Would you say the same for Nerites?


----------



## Hufsa (30 Apr 2022)

Nerites are good girls and boys, aside from their slightly unsightly eggs they dont do anything untoward and come in some beautiful colors 
They sadly dont last very long in acidic/CO2 injected tanks  Cant remember if you're running CO2 or not @Buggy


----------



## Buggy (1 May 2022)

Hufsa said:


> Nerites are good girls and boys, aside from their slightly unsightly eggs they dont do anything untoward and come in some beautiful colors
> They sadly dont last very long in acidic/CO2 injected tanks  Cant remember if you're running CO2 or not @Buggy


Ah, yeah, I am. My area also has soft water. So that's another one ticked off the list.


----------



## Buggy (1 May 2022)

(Apologies, my page lagged and double posted)


----------



## X3NiTH (2 May 2022)

I’ll revise my original statement, Anubia Stems and Rhizomes are fair game for Apple snails, no plant is safe!















Total Carnage!


----------



## Simon Cole (2 May 2022)

That shrimp is saying like, dude you ate my home.
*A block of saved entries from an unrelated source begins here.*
(* Let $X,Y\in\Sigma^*$ and let $\mathcal{A},\mathcal{A}'$ be alignments of $X$ onto $Y$. If $\mathcal{A}$ and $\mathcal{A}'$, viewed as paths in the alignment graph of $X$ and $Y$, do not contain any common diagonal edge, then $\mathrm{selfed}(X)\le\mathrm{ed}_{\mathcal{A}}(X,Y)+\mathrm{ed}_{\mathcal{A}'}(X,Y)$.
   Context: An alignment of $X$ onto $Y$ is a sequence $(x_t,y_t)_{t=0}^m$ from $(0,0)$ to $(|X|,|Y|)$ with steps $(1,0)$, $(0,1)$ or $(1,1)$; viewed as a path in the grid graph on $[0,|X|]\times[0,|Y|]$, a step $(x,y)\to(x+1,y+1)$ is a diagonal edge. $\mathrm{ed}_{\mathcal{A}}(X,Y)$ is the unweighted cost of $\mathcal{A}$: the number of steps $(1,0)$, $(0,1)$, and diagonal steps $(x,y)\to(x+1,y+1)$ with $X[x]\ne Y[y]$. A self-alignment of $X$ is an alignment of $X$ onto $X$ containing no edge $(x,x)\to(x+1,x+1)$; $\mathrm{selfed}(X)$ is the minimum unweighted cost of a self-alignment. *)

From Stdlib Require Import ClassicalEpsilon.
From mathcomp Require Import all_boot zify.
Set Implicit Arguments. Unset Strict Implicit. Unset Printing Implicit Defensive.

(* Strings over an alphabet Sigma are  seq Sigma  with Sigma : eqType.
   An alignment of X onto Y is represented by its sequence of grid points
   (x_0,y_0), ..., (x_m,y_m). *)

Definition step_ok (p q : nat * nat) : bool :=
  [|| (q == (p.1.+1, p.2)), (q == (p.1, p.2.+1)) | (q == (p.1.+1, p.2.+1))].

Definition is_diag (p q : nat * nat) : bool := q == (p.1.+1, p.2.+1).

Definition is_alignment (Sigma : eqType) (X Y : seq Sigma) (A : seq (nat * nat)) : Prop :=
  match A with
  | [::] => False
  | p0 :: rest => [/\ p0 = (0, 0), last p0 rest = (size X, size Y)
                    & path step_ok p0 rest]
  end.

Definition edges (A : seq (nat * nat)) : seq ((nat * nat) * (nat * nat)) :=
  match A with
  | [::] => [::]
  | p0 :: rest => zip (p0 :: rest) rest
  end.

Definition diag_edges (A : seq (nat * nat)) : seq ((nat * nat) * (nat * nat)) :=
  [seq e <- edges A | is_diag e.1 e.2].

Definition step_cost (Sigma : eqType) (X Y : seq Sigma) (e : (nat * nat) * (nat * nat)) : nat :=
  if is_diag e.1 e.2 then
    (if (e.1.1 < size X) && (e.1.2 < size Y) then
       match nth None (map Some X) e.1.1, nth None (map Some Y) e.1.2 with
       | Some a, Some b => nat_of_bool (a != b)
       | _, _ => 1
       end
     else 1)
  else 1.

Definition ed_align (Sigma : eqType) (X Y : seq Sigma) (A : seq (nat * nat)) : nat :=
  \sum_(e <- edges A) step_cost X Y e.

Definition is_self_alignment (Sigma : eqType) (X : seq Sigma) (A : seq (nat * nat)) : Prop :=
  is_alignment X X A /\ forall x, ((x, x), (x.+1, x.+1)) \notin edges A.

(* witness: the path (0,0),(0,1),...,(0,n),(1,n),...,(n,n) *)
Fixpoint hpath (x y k : nat) : seq (nat * nat) :=
  match k with 0 => [::] | k'.+1 => (x.+1, y) :: hpath x.+1 y k' end.
Fixpoint vpath (x y k : nat) : seq (nat * nat) :=
  match k with 0 => [::] | k'.+1 => (x, y.+1) :: vpath x y.+1 k' end.

Lemma vpath_ok x y k : path step_ok (x, y) (vpath x y k) /\ last (x, y) (vpath x y k) = (x, y + k)
   /\ forall e, e \in zip ((x, y) :: vpath x y k) (vpath x y k) -> ~~ is_diag e.1 e.2.
Proof.
elim: k x y => [|k IH] x y /=; first by rewrite addn0; split=> //; split=> //.
have [H1 [H2 H3]] := IH x y.+1.
split; first by rewrite H1 /step_ok eqxx /= orbT.
split; first by rewrite H2 addSnnS.
move=> e; rewrite inE => /orP [/eqP -> | He]; last exact: H3.
rewrite /is_diag /=; apply/negP => /eqP [] H; lia.
Qed.

Lemma hpath_ok x y k : path step_ok (x, y) (hpath x y k) /\ last (x, y) (hpath x y k) = (x + k, y)
   /\ forall e, e \in zip ((x, y) :: hpath x y k) (hpath x y k) -> ~~ is_diag e.1 e.2.
Proof.
elim: k x y => [|k IH] x y /=; first by rewrite addn0; split=> //; split=> //.
have [H1 [H2 H3]] := IH x.+1 y.
split; first by rewrite H1 /step_ok eqxx.
split; first by rewrite H2 addSnnS.
move=> e; rewrite inE => /orP [/eqP -> | He]; last exact: H3.
rewrite /is_diag /=; apply/negP => /eqP [] H; lia.
Qed.

Lemma zip_cons_cat (T : Type) (a : T) (s t : seq T) :
  zip (a :: s ++ t) (s ++ t) = zip (a :: s) s ++ zip (last a s :: t) t.
Proof. by elim: s a => [|b s IH] a //=; rewrite IH. Qed.

Lemma selfed_exists (Sigma : eqType) (X : seq Sigma) :
  exists k, exists A, is_self_alignment X A /\ ed_align X X A = k.
Proof.
set n := size X.
exists (ed_align X X ((0, 0) :: vpath 0 0 n ++ hpath 0 n n)).
exists ((0, 0) :: vpath 0 0 n ++ hpath 0 n n); split=> //.
have [V1 [V2 V3]] := vpath_ok 0 0 n.
have [H1 [H2 H3]] := hpath_ok 0 n n.
rewrite add0n in V2; rewrite add0n in H2.
split.
  rewrite /is_alignment last_cat V2 H2 cat_path V1 V2 H1; split=> //.
move=> x; apply/negP => Hin.
have Hd : is_diag (x, x) (x.+1, x.+1) by rewrite /is_diag.
move: Hin; rewrite /edges.
rewrite zip_cons_cat V2.
rewrite mem_cat => /orP [H | H].
  by move: (V3 _ H); rewrite Hd.
by move: (H3 _ H); rewrite Hd.
Qed.

Definition has_self_cost (Sigma : eqType) (X : seq Sigma) (k : nat) : bool :=
  if excluded_middle_informative
       (exists A, is_self_alignment X A /\ ed_align X X A = k) then true else false.

Lemma has_self_cost_exists (Sigma : eqType) (X : seq Sigma) : exists k, has_self_cost X k.
Proof.
have [k Hk] := selfed_exists X; exists k.
by rewrite /has_self_cost; case: excluded_middle_informative.
Qed.

Definition selfed (Sigma : eqType) (X : seq Sigma) : nat :=
  ex_minn (has_self_cost_exists X).

(* Reversing A' gives an alignment of Y onto X, and composing A with it through Y gives an
   alignment of X onto X. Each step of the composite is paid for by the steps of A and A'
   it comes from; for a pair of diagonal steps this is the triangle inequality for
   character mismatches. A composite diagonal step (x,x) -> (x+1,x+1) can only arise from
   diagonal steps (x,y) -> (x+1,y+1) in both A and A', i.e. from a shared diagonal edge,
   so the composite is a self-alignment. *)

From Stdlib Require Import ClassicalEpsilon.
From mathcomp Require Import all_boot zify.
Set Implicit Arguments. Unset Strict Implicit. Unset Printing Implicit Defensive.

Inductive step := StepX | StepY | StepXY.

Definition advance (o : step) (p : nat * nat) : nat * nat :=
  match o with
  | StepX => (p.1.+1, p.2)
  | StepY => (p.1, p.2.+1)
  | StepXY => (p.1.+1, p.2.+1)
  end.

Definition moves_x : pred step := fun o => if o is StepY then false else true.
Definition moves_y : pred step := fun o => if o is StepX then false else true.

Fixpoint walk (p : nat * nat) (s : seq step) : seq (nat * nat) :=
  if s is o :: s' then advance o p :: walk (advance o p) s' else [::].

Lemma last_walk p s :
  last p (walk p s) = (p.1 + count moves_x s, p.2 + count moves_y s).
Proof.
elim: s p => [|o s IHs] [x y] /=; first by rewrite !addn0.
by rewrite IHs; case: o => /=; congr pair; lia.
Qed.

Lemma path_walk p s : path step_ok p (walk p s).
Proof.
elim: s p => [|o s IHs] [x y] //=.
by rewrite IHs andbT /step_ok; case: o; rewrite /= eqxx ?orbT.
Qed.

Lemma walk_of_path p r : path step_ok p r -> exists s, r = walk p s.
Proof.
elim: r p => [|q r IHr] p /=; first by exists [::].
case/andP=> /or3P[] /eqP -> /IHr[s ->];
  [exists (StepX :: s) | exists (StepY :: s) | exists (StepXY :: s)]; by [].
Qed.

Lemma alignment_walk (Sigma : eqType) (X Y : seq Sigma) A :
  is_alignment X Y A ->
  exists2 s, A = (0, 0) :: walk (0, 0) s &
             count moves_x s = size X /\ count moves_y s = size Y.
Proof.
case: A => [|p r] //= [-> last_r /walk_of_path[s r_eq]]; subst r.
by move: last_r; rewrite last_walk !add0n => -[<- <-]; exists s.
Qed.

Lemma walk_alignment (Sigma : eqType) (X Y : seq Sigma) s :
  count moves_x s = size X -> count moves_y s = size Y ->
  is_alignment X Y ((0, 0) :: walk (0, 0) s).
Proof. by move=> sx sy; split; rewrite ?last_walk ?add0n ?sx ?sy ?path_walk. Qed.

Lemma edges_walk_cons p o s :
  edges (p :: walk p (o :: s)) =
  (p, advance o p) :: edges (advance o p :: walk (advance o p) s).
Proof. by []. Qed.

Lemma ed_align_walk_cons (Sigma : eqType) (X Y : seq Sigma) p o s :
  ed_align X Y (p :: walk p (o :: s)) =
  step_cost X Y (p, advance o p) + ed_align X Y (advance o p :: walk (advance o p) s).
Proof. by rewrite /ed_align edges_walk_cons big_cons. Qed.

Lemma ed_align_walk_nil (Sigma : eqType) (X Y : seq Sigma) p : ed_align X Y [:: p] = 0.
Proof. by rewrite /ed_align big_nil. Qed.

Fixpoint diag_starts (p : nat * nat) (s : seq step) : seq (nat * nat) :=
  match s with
  | [::] => [::]
  | StepXY :: s' => p :: diag_starts (advance StepXY p) s'
  | o :: s' => diag_starts (advance o p) s'
  end.

Lemma diag_edge_walk p s q :
  ((q, (q.1.+1, q.2.+1)) \in edges (p :: walk p s)) = (q \in diag_starts p s).
Proof.
elim: s p => [|o s IHs] [x y] //.
rewrite edges_walk_cons in_cons {}IHs; case: q => a b.
case: o; rewrite /= ?in_cons; last by congr (_ || _); apply/eqP/eqP => -[-> ->].
all: by case: eqP => [[*]|_] //; lia.
Qed.

Lemma mem_diag_edges_walk p s q :
  ((q, (q.1.+1, q.2.+1)) \in diag_edges (p :: walk p s)) = (q \in diag_starts p s).
Proof. by rewrite mem_filter /is_diag eqxx diag_edge_walk. Qed.

Definition diag_cost (Sigma : eqType) (X Y : seq Sigma) x y :=
  step_cost X Y ((x, y), (x.+1, y.+1)).

Lemma diag_costE (Sigma : eqType) (X Y : seq Sigma) x y :
  diag_cost X Y x y = ~~ ((x < size X) && (onth X x == onth Y y)).
Proof.
rewrite /diag_cost /step_cost /is_diag eqxx /= -!onthE.
have := onthTE X x; have := onthTE Y y.
by case: (onth X x) => [a|]; case: (onth Y y) => [b|] //= <- <-.
Qed.

Lemma diag_cost_triangle (Sigma : eqType) (X Y Z : seq Sigma) x y z :
  diag_cost X Z x z <= diag_cost X Y x y + diag_cost Z Y z y.
Proof.
rewrite !diag_costE.
have [/andP[xX /eqP->] | _] := boolP ((x < size X) && (onth X x == onth Y y));
  last by case: (~~ _).
have [/andP[_ /eqP->] | _] := boolP ((z < size Z) && (onth Z z == onth Y y));
  last by rewrite addnC; case: (~~ _).
by rewrite xX eqxx.
Qed.

Lemma step_cost_advance (Sigma : eqType) (X Y : seq Sigma) o p :
  step_cost X Y (p, advance o p) = if o is StepXY then diag_cost X Y p.1 p.2 else 1.
Proof.
case: p => x y; case: o => //=; rewrite /step_cost /is_diag /=.
all: by case: eqP => // -[]; lia.
Qed.

(* For an alignment [s1] of X onto Y and an alignment [s2] of Z onto Y, [compose s1 s2]
   aligns X onto Z by pairing the steps of [s1] and [s2] that consume the same
   character of Y; the result is meaningless unless both consume all of Y. *)
Fixpoint compose (s1 s2 : seq step) {struct s1} : seq step :=
  match s1 with
  | [::] => [seq StepY | _ <- s2]
  | StepX :: s1' => StepX :: compose s1' s2
  | o :: s1' =>
    (fix pair_with (s2 : seq step) : seq step :=
       match s2 with
       | [::] => [::]
       | StepX :: s2' => StepY :: pair_with s2'
       | StepY :: s2' => if o is StepY then compose s1' s2' else StepX :: compose s1' s2'
       | StepXY :: s2' =>
         if o is StepY then StepY :: compose s1' s2' else StepXY :: compose s1' s2'
       end) s2
  end.

Lemma compose_ind (P : seq step -> seq step -> seq step -> Prop) :
  (forall s2, P [::] s2 [seq StepY | _ <- s2]) ->
  (forall s1 s2 t, P s1 s2 t -> P (StepX :: s1) s2 (StepX :: t)) ->
  (forall o s1, moves_y o -> P (o :: s1) [::] [::]) ->
  (forall o s1 s2 t, moves_y o -> P (o :: s1) s2 t -> P (o :: s1) (StepX :: s2) (StepY :: t)) ->
  (forall s1 s2 t, P s1 s2 t -> P (StepY :: s1) (StepY :: s2) t) ->
  (forall s1 s2 t, P s1 s2 t -> P (StepY :: s1) (StepXY :: s2) (StepY :: t)) ->
  (forall s1 s2 t, P s1 s2 t -> P (StepXY :: s1) (StepY :: s2) (StepX :: t)) ->
  (forall s1 s2 t, P s1 s2 t -> P (StepXY :: s1) (StepXY :: s2) (StepXY :: t)) ->
  forall s1 s2, P s1 s2 (compose s1 s2).
Proof.
move=> Pnil PX Pend PXs2 PYY PYXY PXYY PXYXY.
elim=> [|o s1 IHs1] s2 //=; case: o => /=; first exact: PX.
all: by elim: s2 => [|[] s2 IHs2]; [apply: Pend | apply: PXs2 | auto | auto].
Qed.

Arguments compose : simpl never.

Lemma count_compose s1 s2 : count moves_y s1 = count moves_y s2 ->
  count moves_x (compose s1 s2) = count moves_x s1 /\
  count moves_y (compose s1 s2) = count moves_x s2.
Proof.
elim/compose_ind: s1 s2 / (compose s1 s2) => /=.
- by elim=> [|[] s2 IHs2] //=; rewrite !add0n => /IHs2[-> ->].
- by move=> s1 s2 t IH; rewrite !add0n => /IH[-> ->].
- by case.
- by move=> o s1 s2 t _ IH; rewrite !add0n => /IH[-> ->].
all: by move=> s1 s2 t IH; rewrite ?add0n => /addnI/IH[-> ->].
Qed.

Lemma ed_align_compose (Sigma : eqType) (X Y Z : seq Sigma) s1 s2 x y z :
  count moves_y s1 = count moves_y s2 ->
  ed_align X Z ((x, z) :: walk (x, z) (compose s1 s2)) <=
  ed_align X Y ((x, y) :: walk (x, y) s1) + ed_align Z Y ((z, y) :: walk (z, y) s2).
Proof.
move: x y z; elim/compose_ind: s1 s2 / (compose s1 s2).
- move=> s2 x y z; rewrite ed_align_walk_nil.
  elim: s2 z => [|o s2 IHs2] z; first by rewrite ed_align_walk_nil.
  rewrite map_cons !ed_align_walk_cons !step_cost_advance.
  by case: o => //=; rewrite add0n => /(IHs2 z.+1); lia.
- move=> s1 s2 t IH x y z; rewrite !ed_align_walk_cons !step_cost_advance /= add0n.
  by move=> /(IH x.+1 y z); lia.
- by case.
- (* [set] keeps [/=] from unfolding the walk of [o :: s1], which is not advanced *)
  move=> o s1 s2 t _ IH x y z; set e1 := ed_align X Y _.
  rewrite !ed_align_walk_cons !step_cost_advance /= add0n.
  by move=> /(IH x y z.+1); lia.
- move=> s1 s2 t IH x y z; rewrite !ed_align_walk_cons !step_cost_advance /=.
  by move=> /addnI/(IH x y.+1 z); lia.
- move=> s1 s2 t IH x y z; rewrite !ed_align_walk_cons !step_cost_advance /=.
  by move=> /addnI/(IH x y.+1 z.+1); lia.
- move=> s1 s2 t IH x y z; rewrite !ed_align_walk_cons !step_cost_advance /=.
  by move=> /addnI/(IH x.+1 y.+1 z); lia.
- move=> s1 s2 t IH x y z; rewrite !ed_align_walk_cons !step_cost_advance /=.
  by move=> /addnI/(IH x.+1 y.+1 z.+1); have := diag_cost_triangle X Y Z x y z; lia.
Qed.

Lemma compose_offdiag s1 s2 x y z :
  {in diag_starts (x, y) s1, forall q, q \notin diag_starts (z, y) s2} ->
  forall w, (w, w) \notin diag_starts (x, z) (compose s1 s2).
Proof.
move: x y z; elim/compose_ind: s1 s2 / (compose s1 s2).
- by move=> s2 x y z _ w; elim: s2 z => [|o s2 IHs2] z; last exact: IHs2.
- by move=> s1 s2 t IH x y z /IH.
- by [].
- by move=> o s1 s2 t _ IH x y z /(IH x y z.+1).
- by move=> s1 s2 t IH x y z /IH.
- move=> s1 s2 t IH x y z disj; apply: (IH x y.+1 z.+1) => q /disj.
  by rewrite in_cons negb_or => /andP[].
- move=> s1 s2 t IH x y z disj; apply: (IH x.+1 y.+1 z) => q q_in.
  by apply: disj; rewrite in_cons q_in orbT.
- move=> s1 s2 t IH x y z disj w; rewrite in_cons negb_or; apply/andP; split.
    apply: contraTneq (disj (x, y) (mem_head _ _)) => -[<- <-].
    by rewrite mem_head.
  apply: (IH x.+1 y.+1 z.+1) => q q_in.
  by have := disj q; rewrite !in_cons q_in orbT negb_or => /(_ isT) /andP[].
Qed.

Lemma selfed_le (Sigma : eqType) (X : seq Sigma) A :
  is_self_alignment X A -> selfed X <= ed_align X X A.
Proof.
move=> selfA; rewrite /selfed; case: ex_minnP => m _; apply.
by rewrite /has_self_cost; case: excluded_middle_informative => // -[]; exists A.
Qed.

Theorem lemma4p3 (Sigma : eqType) (X Y : seq Sigma) (A A' : seq (nat * nat)) :
  is_alignment X Y A -> is_alignment X Y A' ->
  (forall e, e \in diag_edges A -> e \notin diag_edges A') ->
  (selfed X <= ed_align X Y A + ed_align X Y A')%N.
Proof.
move=> /alignment_walk[s1 -> [s1x s1y]] /alignment_walk[s2 -> [s2x s2y]] disj.
have s12y : count moves_y s1 = count moves_y s2 by rewrite s1y s2y.
have [cx cy] := count_compose s12y.
have selfC : is_self_alignment X ((0, 0) :: walk (0, 0) (compose s1 s2)).
  split=> [|w]; first by apply: walk_alignment; rewrite ?cx ?cy.
  rewrite diag_edge_walk; apply: (compose_offdiag (y := 0)) => q q1.
  by move: (disj (q, (q.1.+1, q.2.+1))); rewrite !mem_diag_edges_walk => /(_ q1).
apply: leq_trans (selfed_le selfC) _.
exact: ed_align_compose.
Qed.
And the snails is like, somebody needed to go to the greengrocers... right what's next, I'm off.


----------



## Buggy (2 May 2022)

X3NiTH said:


> I’ll revise my original statement, Anubia Stems and Rhizomes are fair game for Apple snails, no plant is safe!
> 
> View attachment 187840
> View attachment 187839
> ...


Oof, that's brutal!


----------



## peaches (7 May 2022)

Pomacea canaliculata do eat plants.  They have pink eggs.  I keep Pomacea diffusa and feed them well, they don't eat crypts and anubias, which I grow.  They tend to only eat plant matter that is dying or rotting.  There are many different types of apple snails or mystery snails.  Go to applesnail.net identify yours, and then you will know if you have plant eaters.


----------



## Hufsa (8 May 2022)

I kept various color apple snails many years ago and didnt experience problems with them eating plants.
I tried getting some about a year ago, diffusa type with pale eggs, and they went to town on my plants 🤷‍♀️


----------